This Article proceeds in six Parts. Part I chronicles the United States' turbulent history with opioids and pain management as well as its law enforcement-driven, supply-side response to the nation's drug overdose crisis. Part II details the implementation of PDMPs across the country as law enforcement surveillance tools that aim to root out opioid pill mills, doctor shopping, prescription drug fraud, and the diversion of controlled substances.

Part III explains the nature and advent of PDMP risk scores and their use to diagnose and treat patients. Part IV subjects PDMP risk scoring platforms to a data science critique and evaluates their potential impact on various classes of patients. As the Section details, Narx Score algorithms likely produce artificially inflated risk scores for marginalized patients, including women and racial minorities with complex, pain-related conditions; poor, uninsured, under-insured, and rural individuals; and patients with co-morbid disabilities or diseases, including substance use disorder and mental health conditions. Narx Scores, therefore, may exacerbate discrimination against patients with complex medical conditions by generating flawed, short-cut assessment tools that incentivize providers to deny these individuals indicated treatment.

Part V argues that the U.S. Food and Drug Administration (FDA) has the legal authority to regulate PDMP risk scoring platforms as medical devices. The FDA has developed a framework for regulating software as a medical device (SaMD) but has failed to apply that framework to PDMP platforms. This Article concludes by arguing that the FDA should apply its SaMD framework to PDMP risk scoring platforms to determine their safety and effectiveness and, thereby, fulfill the agency's legal mandate to protect patients.

[. . .]

The United States is currently embroiled in an exponentially expanding illicit drug overdose crisis. Substantial evidence indicates that proprietary PDMP risk scoring software has exacerbated the crisis and disparately impacted the treatment and health outcomes of various classes of marginalized patients. Research also raises serious questions regarding the validity of propriety PDMP risk scoring platforms.

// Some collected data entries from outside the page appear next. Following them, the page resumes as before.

Lemma prod_delta_mx (R : comNzRingType) N k n (m : 'I_k -> 'X_{1..N})
    (a0 b0 a b : {ffun 'I_k -> 'I_n}) :
  \prod_(i < k) ('X_[m i] *: delta_mx (a0 i) (b0 i) : 'M[{mpoly R[N]}]_n) (a i) (b i) =
  if (a == a0) && (b == b0) then 'X_[\sum_(i < k) m i] else 0.
Proof.
rewrite (eq_bigr (fun i => if (a i == a0 i) && (b i == b0 i) then 'X_[m i] else 0)).
  rewrite prod_mpolyX_if; congr (if _ then _ else _).
  apply/forallP/andP => [eq_ab|[/eqP-> /eqP->] i]; last by rewrite !eqxx.
  by split; apply/eqP/ffunP => i; case/andP: (eq_ab i) => /eqP ea /eqP eb; rewrite ?ea ?eb.
by move=> i _; rewrite !mxE; case: ifP; rewrite ?mulr1 ?mulr0.
Qed.

Section Blocks.
Variables (F : nzRingType) (k : nat) (d : 'I_k -> nat) (n : nat).
Local Notation N := (nvars d n).
Local Notation tp := (tpoly F d n).

Lemma tindK i (x : 'I_(d i)) (a b : 'I_n) :
  enum_val (tind x a b) = Tagged (fun j : 'I_k => ('I_(d j) * 'I_n * 'I_n)%type) (x, a, b).
Proof. exact: enum_rankK. Qed.

Lemma tag_tind i (x : 'I_(d i)) (a b : 'I_n) : tag (enum_val (tind x a b)) = i.
Proof. by rewrite tindK. Qed.

Lemma tind_inj i (x y : 'I_(d i)) (a b a' b' : 'I_n) : tind x a b = tind y a' b' -> x = y.
Proof.
move=> /enum_rank_inj eq_xy.
have := congr1 (tagged_as (Tagged (fun j : 'I_k => ('I_(d j) * 'I_n * 'I_n)%type) (x, a, b))) eq_xy.
by rewrite !tagged_asE => -[].
Qed.

Definition mnm_in_block (i : 'I_k) (m : 'X_{1..N}) : Prop :=
  forall j, (m j != 0)%N -> tag (enum_val j) = i.

Definition in_block (i : 'I_k) (q : tp) : Prop :=
  forall m, m \in msupp q -> mnm_in_block i m.

Lemma in_block_nat i (b : bool) : in_block i b%:R.
Proof.
case: b => m; last by rewrite msupp0.
by rewrite msupp1 inE => /eqP-> j; rewrite mnm0E.
Qed.

Lemma in_blockD i p q : in_block i p -> in_block i q -> in_block i (p + q).
Proof. by move=> Bp Bq m /msuppD_le; rewrite mem_cat => /orP[/Bp|/Bq]. Qed.

Lemma in_blockM i p q : in_block i p -> in_block i q -> in_block i (p * q).
Proof.
move=> Bp Bq m /msuppM_le /allpairsP[[m1 m2] [/= supp1 supp2 ->]] j.
rewrite mnmDE; case: (eqVneq (m1 j) 0%N) => [->|]; last by move/(Bp _ supp1 j).
by rewrite add0n; apply: Bq.
Qed.

Lemma in_block_sum i (I : Type) (r : seq I) (g : I -> tp) :
  (forall x, in_block i (g x)) -> in_block i (\sum_(x <- r) g x).
Proof.
move=> Bg; elim: r => [|x r IHr]; last by rewrite big_cons; apply: in_blockD.
by rewrite big_nil => m; rewrite msupp0.
Qed.

Lemma in_blockX i (x : 'I_(d i)) (a b : 'I_n) : in_block i 'X_(tind x a b).
Proof.
move=> m; rewrite msuppX inE => /eqP-> j; rewrite mnm1E.
by case: (tind x a b =P j) => [<- _|//]; rewrite tag_tind.
Qed.

Lemma in_block_wordval i (w : seq 'I_(d i)) a b :
  in_block i ((wordval (@Defs.genmx F k d n i) w) a b).
Proof.
elim: w a b => [|x w IHw] a b /=; first by rewrite mxE; apply: in_block_nat.
rewrite mxE; apply: in_block_sum => c; apply: in_blockM => //.
by rewrite mxE; apply: in_blockX.
Qed.

Definition mpoly_act (c : F) (B : 'M[tp]_n) : 'M[tp]_n := c%:MP *: B.

Definition block_atom (i : 'I_k) (B : 'M[tp]_n) : Prop :=
  exists a b m, mnm_in_block i m /\ B = 'X_[m] *: delta_mx a b.

Lemma act_span_in_block i (B : 'M[tp]_n) :
  (forall a b, in_block i (B a b)) -> act_span mpoly_act (block_atom i) B.
Proof.
move=> B_block; rewrite (matrix_sum_delta B).
apply: act_span_sum => a _; apply: act_span_sum => b _.
rewrite {1}(mpolyE (B a b)) scaler_suml big_seq; apply: act_span_sum => m supp_m.
rewrite -mul_mpolyC -scalerA; apply: act_span1.
by exists a, b, m; split => //; apply: (B_block a b).
Qed.

End Blocks.

Section GenericValuation.
Variables (F L : comNzRingType) (iota : {rmorphism F -> L}).
Variables (k : nat) (d : 'I_k -> nat) (n : nat) (v : forall i : 'I_k, 'I_(d i) -> 'M[L]_n).
Local Notation N := (nvars d n).
Local Notation tp := (tpoly F d n).

Definition tval (j : 'I_N) : L :=
  let t := enum_val j in v (tagged t).1.1 (tagged t).1.2 (tagged t).2.

Definition evalv : {rmorphism tp -> L} := mmap iota tval.

Lemma evalv_genmx i (x : 'I_(d i)) : map_mx evalv (@Defs.genmx F k d n i x) = v x.
Proof. by apply/matrixP => a b; rewrite !mxE /evalv /= mmapX mmap1U /tval tindK. Qed.

Variables (W : lmodType F) (mu : {ffun 'I_k -> 'M[L]_n} -> W).
Hypothesis mu_multilinear : multilinear iota mu.

Definition mrestr (i : 'I_k) (M : 'X_{1..N}) : 'X_{1..N} :=
  [multinom (if tag (enum_val j) == i then M j else 0%N) | j < N].

Lemma mrestr_sum (m : 'I_k -> 'X_{1..N}) i :
  (forall j, mnm_in_block j (m j)) -> mrestr i (\sum_(j < k) m j)%MM = m i.
Proof.
move=> m_block; apply/mnmP => t; rewrite mnmE mnm_sumE.
case: eqP => [tag_t|tag_t].
  rewrite (bigD1 i) //= big1 ?addn0 // => j ne_ji.
  case: (eqVneq (m j t) 0%N) => // /m_block eq_tj.
  by rewrite -eq_tj tag_t eqxx in ne_ji.
by case: (eqVneq (m i t) 0%N) => // /m_block.
Qed.

Definition mu_mnm (a b : {ffun 'I_k -> 'I_n}) (M : 'X_{1..N}) : W :=
  mu [ffun i => mmap1 tval (mrestr i M) *: delta_mx (a i) (b i)].

(* Depends on the [A i] only through the entries of their Kronecker product. *)
Definition mu_lin (A : {ffun 'I_k -> 'M[tp]_n}) : W :=
  \sum_(a : {ffun 'I_k -> 'I_n}) \sum_(b : {ffun 'I_k -> 'I_n})
     mlinext (mu_mnm a b) (\prod_(i < k) A i (a i) (b i)).

Definition mu_ev (A : {ffun 'I_k -> 'M[tp]_n}) : W := mu [ffun i => map_mx evalv (A i)].

Lemma mu_upd0 (A : {ffun 'I_k -> 'M[L]_n}) i : mu (upd A i 0) = 0.
Proof. by have := mu_multilinear A i (-1) 0 0; rewrite scaler0 addr0 scaleN1r addNr. Qed.

Lemma mu_lin_slot_linear : slot_linear (@mpoly_act F k d n) mu_lin.
Proof.
have prodE (A : {ffun 'I_k -> 'M[tp]_n}) i z (a b : {ffun 'I_k -> 'I_n}) :=
  prod_upd A i z (fun j (B : 'M[tp]_n) => B (a j) (b j)).
split => [A i c x y|A i].
  rewrite /mu_lin scaler_sumr -big_split; apply: eq_bigr => a _ /=.
  rewrite scaler_sumr -big_split; apply: eq_bigr => b _ /=.
  by rewrite !prodE /mpoly_act !mxE mulrDl -mulrA mul_mpolyC mlinextZD.
rewrite /mu_lin big1 // => a _; rewrite big1 // => b _.
by rewrite prodE mxE mul0r mlinext0.
Qed.

Lemma map_upd (A : {ffun 'I_k -> 'M[tp]_n}) i z :
  [ffun j => map_mx evalv (upd A i z j)] =
  upd [ffun j => map_mx evalv (A j)] i (map_mx evalv z).
Proof. by apply/ffunP => j; rewrite !ffunE; case: eqP => // _; rewrite ffunE. Qed.

Lemma mu_ev_slot_linear : slot_linear (@mpoly_act F k d n) mu_ev.
Proof.
split => [A i c x y|A i]; rewrite /mu_ev !map_upd; last by rewrite map_mx0 mu_upd0.
rewrite -mu_multilinear; congr (mu (upd _ i _)).
by apply/matrixP => a b; rewrite !mxE rmorphD rmorphM /= mmapC.
Qed.

Lemma mu_lin_atoms (A : {ffun 'I_k -> 'M[tp]_n}) :
  (forall i, block_atom i (A i)) -> mu_lin A = mu_ev A.
Proof.
move=> A_atoms.
have /fin_all_exists[u u_spec] : forall i, exists u : 'I_n * 'I_n * 'X_{1..N},
    mnm_in_block i u.2 /\ A i = 'X_[u.2] *: delta_mx u.1.1 u.1.2.
  by move=> i; have [a [b [m spec]]] := A_atoms i; exists (a, b, m).
pose a0 : {ffun 'I_k -> 'I_n} := [ffun i => (u i).1.1].
pose b0 : {ffun 'I_k -> 'I_n} := [ffun i => (u i).1.2].
have A_prod (a b : {ffun 'I_k -> 'I_n}) : \prod_(i < k) A i (a i) (b i) =
    if (a == a0) && (b == b0) then 'X_[\sum_(i < k) (u i).2] else 0.
  by rewrite -prod_delta_mx; apply: eq_bigr => i _; rewrite (u_spec i).2 !ffunE.
rewrite /mu_lin (bigD1 a0) //= [X in _ + X]big1 ?addr0 => [|a ne_a]; last first.
  by apply: big1 => b _; rewrite A_prod (negbTE ne_a) mlinext0.
rewrite (bigD1 b0) //= [X in _ + X]big1 ?addr0 => [|b ne_b]; last first.
  by rewrite A_prod eqxx (negbTE ne_b) mlinext0.
rewrite A_prod !eqxx mlinextX /mu_mnm /mu_ev; congr mu; apply/ffunP => i.
rewrite !ffunE mrestr_sum => [|j]; last exact: (u_spec j).1.
by apply/matrixP => a b; rewrite (u_spec i).2 !mxE rmorphM /= mmapX rmorph_nat.
Qed.

Lemma mu_wordval (m : mono d) :
  mu [ffun i => wordval (@v i) (m i)] =
  mu_lin [ffun i => wordval (@Defs.genmx F k d n i) (m i)].
Proof.
symmetry; rewrite (slot_linear_eq mu_lin_slot_linear mu_ev_slot_linear mu_lin_atoms).
  rewrite /mu_ev; congr mu; apply/ffunP => i; rewrite !ffunE wordval_map.
  by apply: eq_wordval => x; apply: evalv_genmx.
by move=> i; rewrite ffunE; apply: act_span_in_block => a b; apply: in_block_wordval.
Qed.

Lemma Phi_eq0_multilinear (n_gt0 : (0 < n)%N) (f : pcpoly F d) :
  Phi n f = 0 -> \sum_(p <- f) p.1 *: mu [ffun i => wordval (@v i) (p.2 i)] = 0.
Proof.
move=> Phi0; under eq_bigr do rewrite mu_wordval /mu_lin scaler_sumr.
rewrite exchange_big /=; apply: big1 => a _.
under eq_bigr do rewrite scaler_sumr.
rewrite exchange_big /=; apply: big1 => b _.
have [r r_a] := digits_surj n_gt0 a; have [c c_b] := digits_surj n_gt0 b.
rewrite -mlinext_sum; transitivity (mlinext (mu_mnm a b) (Phi n f r c)).
  congr mlinext; rewrite summxE; apply: eq_bigr => p _; rewrite !mxE; congr (_ * _).
  by apply: eq_bigr => i _; rewrite !ffunE r_a c_b natentry_val.
by rewrite Phi0 mxE mlinext0.
Qed.
End GenericValuation.

Lemma Phi_pcid (F L : comNzRingType) (iota : {rmorphism F -> L}) k (d : 'I_k -> nat) n
    (n_gt0 : (0 < n)%N) (f : pcpoly F d) :
  Phi n f = 0 -> pcid_holds iota n f.
Proof. by move=> Phi0 v W mu mu_ml; rewrite big_map; apply: Phi_eq0_multilinear. Qed.
(* Let $H\ne\{1\}$ be a reduced atomic unit-cancellative monoid and suppose that at least one of the following holds: (a) there is $L\in\mathcal L(H)$ with $\rho(L)=\rho(H)<\infty$; (b) $H$ is cancellative and its monoid of relations $\sim_H$ is finitely generated; (c) $H$ is commutative and finitely generated. Then there is $M\in\mathbb N$ such that $\rho_k(H)-\rho_{k-1}(H)\le M$ for all $k\ge 2$ (in particular $\rho_k(H)<\infty$ for all $k\in\mathbb N$).
   Context: Monoid = associative semigroup with identity; reduced means the only unit is $1$; unit-cancellative means $a=au$ or $a=ua$ implies $u$ is a unit; atomic means every non-unit is a finite product of atoms (irreducible non-units). For $a\in H$, $\mathsf L(a)\subset\mathbb N$ is the set of all $k$ such that $a$ is a product of $k$ atoms, with $\mathsf L(1)=\{0\}$; $\mathcal L(H)=\{\mathsf L(a)\mid a\in H\}$. For $L\subset\mathbb N_0$, $\rho(L)=\sup(L\cap\mathbb N)/\min(L\cap\mathbb N)$ if $L\cap\mathbb N\neq\emptyset$ and $\rho(L)=1$ otherwise; $\rho(H)=\sup\{\rho(L)\mid L\in\mathcal L(H)\}$. For $k\in\mathbb N$, $\mathcal U_k(H)=\bigcup\{L\in\mathcal L(H)\mid k\in L\}$ and $\rho_k(H)=\sup\mathcal U_k(H)$. The factorization monoid $\mathsf Z(H)$ is the free monoid on the atoms (free abelian if $H$ is commutative), $\pi:\mathsf Z(H)\to H$ the canonical epimorphism, and $\sim_H=\{(x,y)\in\mathsf Z(H)^2\mid \pi(x)=\pi(y)\}$ is the monoid of relations (componentwise multiplication). *)

From Stdlib Require Import Reals List Permutation Arith.
Import ListNotations.
Open Scope R_scope.

Record Monoid := {
  carrier :> Type;
  mul : carrier -> carrier -> carrier;
  one : carrier;
  mulA : forall a b c, mul a (mul b c) = mul (mul a b) c;
  mul1l : forall a, mul one a = a;
  mul1r : forall a, mul a one = a
}.
Lemma lebesgue_window_piece a c w m : 0 < a -> 0 < w ->
  lam (window_piece a c w m) = (w / a)%:E.
Proof.
move=> a0 w0; rewrite window_pieceE // lebesgue_measure_itv /= lte_fin.
rewrite ltr_pM2r ?invr_gt0 // ltrDl w0 -EFinD; congr (_%:E).
by rewrite -mulrBl; congr (_ * _); ring.
Qed.

(* [u, v] meets at most (v - u) a + 2 pieces of the window. *)
Lemma lebesgue_windowI_le a c w (u v b : R) (Q S : set R) :
  0 < a -> 0 <= c -> c + w <= 1 -> 0 <= b -> u <= v ->
  measurable Q -> measurable S -> Q `<=` `[u, v]%classic ->
  (forall m, (lam (window_piece a c w m `&` S) <= b%:E)%E) ->
  (lam (Q `&` (window a c w `&` S)) <= (((v - u) * a + 2) * b)%:E)%E.
Proof.
move=> a0 c0 cw b0 uv mQ mS Quv piece_le.
set m0 := Num.floor (a * u); set m1 := Num.floor (a * v).
have m01 : m0 <= m1 by apply: le_floor; rewrite ler_pM2l.
set N := `|(m1 - m0 + 1)%R|%N.
have cover : Q `&` (window a c w `&` S) `<=`
    \big[setU/set0]_(i < N) (window_piece a c w (m0 + i%:Z) `&` S).
  move=> x [Qx [Wx Sx]].
  rewrite -(bigcup_mkord N (fun i => window_piece a c w (m0 + i%:Z) `&` S)).
  have /andP[ux xv] : u <= x <= v by have := Quv x Qx; rewrite /= in_itv.
  have h0 : m0 <= Num.floor (a * x) by apply: le_floor; rewrite ler_pM2l.
  have h1 : Num.floor (a * x) <= m1 by apply: le_floor; rewrite ler_pM2l.
  exists `|(Num.floor (a * x) - m0)%R|%N; first by rewrite /= /N; lia.
  split => //.
  have -> : m0 + (`|(Num.floor (a * x) - m0)%R|%N)%:Z = Num.floor (a * x).
    by rewrite gez0_abs ?subr_ge0 //; ring.
  exact: window_piece_floor.
have N_le : (N%:R : R) <= (v - u) * a + 2.
  have -> : (N%:R : R) = (m1 - m0 + 1)%:~R by rewrite natr_absz ger0_norm //; lia.
  rewrite !intrD intrN.
  by have := floor_le (a * v); have := floorD1_gt (a * u); rewrite intrD; lra.
apply: le_trans (content_subadditive lam
  (F := fun i => window_piece a c w (m0 + i%:Z) `&` S) _ _ cover) _.
- by move=> i _; apply: measurableI => //; apply: measurable_window_piece.
- by apply: measurableI => //; apply: measurableI => //; apply: measurable_window.
apply: (@le_trans _ _ (\sum_(i < N) b%:E)%E); first by apply: lee_sum => i _; exact: piece_le.
rewrite sumEFin sumr_const card_ord lee_fin -[b *+ N]mulr_natl.
by rewrite ler_wpM2r.
Qed.

Lemma lebesgue_window_natr_ge (n : nat) c w : (0 < n)%N -> 0 <= c -> 0 < w ->
  c + w <= 1 -> (w%:E <= lam (window n%:R c w `&` `[0%R, 1%R]%classic))%E.
Proof.
move=> n0 c0 w0 cw.
have nR : (0 : R) < n%:R by rewrite ltr0n.
pose F (i : 'I_n) := window_piece n%:R c w i%:Z.
have mF i : measurable (F i) by apply: measurable_window_piece.
have F_sub : \big[setU/set0]_(i < n) F i `<=` window n%:R c w `&` `[0%R, 1%R]%classic.
  move=> x; rewrite -(bigcup_mkord n (fun i => window_piece n%:R c w i%:Z)).
  move=> [i /= ltin px]; split; first exact: window_piece_sub c0 cw _ px.
  move: px => /andP[h1 h2].
  have hin : i%:R + 1 <= (n%:R : R) by rewrite natr1 ler_nat.
  rewrite /= in_itv /=; apply/andP; split.
    by rewrite -(pmulr_rge0 _ nR); have : (0 : R) <= i%:R by []; lra.
  by rewrite -(ler_pM2l nR) mulr1; lra.
have F_disj : trivIset setT F.
  move=> i j _ _ [x [Fi Fj]].
  have := floor_window_piece c0 cw Fi; have := floor_window_piece c0 cw Fj.
  by move=> -> [] /val_inj.
have mU : \big[setU/set0]_(i < n) F i \in measurable.
  by rewrite inE; apply: bigsetU_measurable => i _.
have mW : window n%:R c w `&` `[0%R, 1%R]%classic \in measurable.
  by rewrite inE; apply: measurableI => //; exact: measurable_window.
apply: le_trans (le_measure lam mU mW F_sub).
rewrite (measure_bigsetU_ord lam predT mF F_disj).
rewrite (eq_bigr (fun=> (w / n%:R)%:E)); last by move=> i _; apply: lebesgue_window_piece.
by rewrite sumEFin sumr_const card_ord lee_fin -[_ *+ n]mulr_natr divfK ?gt_eqF.
Qed.

End Windows.

Definition chain_window {R : realType} (A C W : nat -> R) i := window (A i) (C i) (W i).

Definition windows {R : realType} (A C W : nat -> R) j len : set R :=
  [set x | forall i, (j <= i < j + len)%N -> chain_window A C W i x].

Fixpoint piece_bound {R : realType} (A W : nat -> R) j len : R :=
  match len with
  | 0 => W j / A j
  | len'.+1 => (W j / A j * A j.+1 + 2) * piece_bound A W j.+1 len'
  end.

Section WindowChain.
Context {R : realType} {A C W : nat -> R}.
Local Notation lam := (@lebesgue_measure R).
Hypothesis chain_params : forall i, (1 <= i)%N ->
  [/\ 0 < A i, 0 <= C i, 0 < W i & C i + W i <= 1].

Lemma windows0 j : windows A C W j 0 = setT.
Proof. by apply/seteqP; split => x // _ i; lia. Qed.

Lemma windowsS j len :
  windows A C W j len.+1 = chain_window A C W j `&` windows A C W j.+1 len.
Proof.
apply/seteqP; split => x.
  by move=> h; split; [apply: h; lia | move=> i hi; apply: h; lia].
by move=> [h0 h] i hi; have [->|ne_ij] := eqVneq i j => //; apply: h; lia.
Qed.

Lemma measurable_chain_window i : (1 <= i)%N -> measurable (chain_window A C W i).
Proof. by move=> /chain_params[? ? ? ?]; apply: measurable_window. Qed.

Lemma measurable_windows len j : (1 <= j)%N -> measurable (windows A C W j len).
Proof.
elim: len j => [|len IH] j j1; first by rewrite windows0.
rewrite windowsS; apply: measurableI; first exact: measurable_chain_window.
by apply: IH; lia.
Qed.

Lemma piece_bound_ge0 len j : (1 <= j)%N -> 0 <= piece_bound A W j len.
Proof.
elim: len j => [|len IH] j j1 /=; have [A0 _ W0 _] := chain_params _ j1.
  by rewrite divr_ge0 ?ltW.
have /chain_params[A0' _ _ _] : (1 <= j.+1)%N by [].
rewrite mulr_ge0 ?IH //; apply: addr_ge0 => //.
by rewrite mulr_ge0 ?divr_ge0 ?ltW.
Qed.

Lemma lebesgue_pieceI_windows_le len j m : (1 <= j)%N ->
  (lam (window_piece (A j) (C j) (W j) m `&` windows A C W j.+1 len)
    <= (piece_bound A W j len)%:E)%E.
Proof.
elim: len j m => [|len IH] j m j1; have [A0 _ W0 _] := chain_params _ j1.
  by rewrite windows0 setIT lebesgue_window_piece.
have /chain_params[A0' C0' _ CW'] : (1 <= j.+1)%N by [].
rewrite windowsS.
set u := (m%:~R + C j) / A j; set v := (m%:~R + C j + W j) / A j.
apply: le_trans (lebesgue_windowI_le _ _ _ u v _ _ _ A0' C0' CW'
  (piece_bound_ge0 len _ (ltn0Sn j)) _ _ _ _ _) _.
- by rewrite /u /v ler_pM2r ?invr_gt0 //; lra.
- exact: measurable_window_piece.
- exact: measurable_windows.
- by rewrite window_pieceE // => x; rewrite /= !in_itv /= => /andP[-> /ltW].
- by move=> m'; apply: IH.
rewrite /= lee_fin ler_wpM2r ?piece_bound_ge0 //.
suff -> : v - u = W j / A j by [].
by rewrite /u /v -mulrBl; congr (_ * _); ring.
Qed.

Lemma lebesgue_windows_le len :
  (lam (`[0%R, 1%R]%classic `&` windows A C W 1 len.+1)
    <= ((A 1 + 2) * piece_bound A W 1 len)%:E)%E.
Proof.
have [A0 C0 _ CW] := chain_params _ (leqnn 1).
rewrite windowsS; apply: le_trans (lebesgue_windowI_le _ _ _ 0 1 _ _ _ A0 C0 CW
  (piece_bound_ge0 len _ (ltn0Sn 0)) _ _ _ _ _) _ => //.
- exact: measurable_windows.
- by move=> m; apply: lebesgue_pieceI_windows_le.
by rewrite subr0 mul1r.
Qed.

Congress has vested the FDA with the legal duty to regulate proprietary PDMP risk scoring software and the agency concedes that such oversight is a priority. The FDA also has adopted a framework to evaluate the safety and effectiveness of predictive diagnostic software. There is, therefore, no excuse for the agency to continue to sit on its hands and permit clinical reliance on unregulated and unverified PDMP risk scores to the potential detriment and needless suffering of countless marginalized patients.


Associate Dean for Faculty Research and Development, Professor of Law, and Director, Center for Health & Pharmaceutical Law, Seton Hall University School of Law.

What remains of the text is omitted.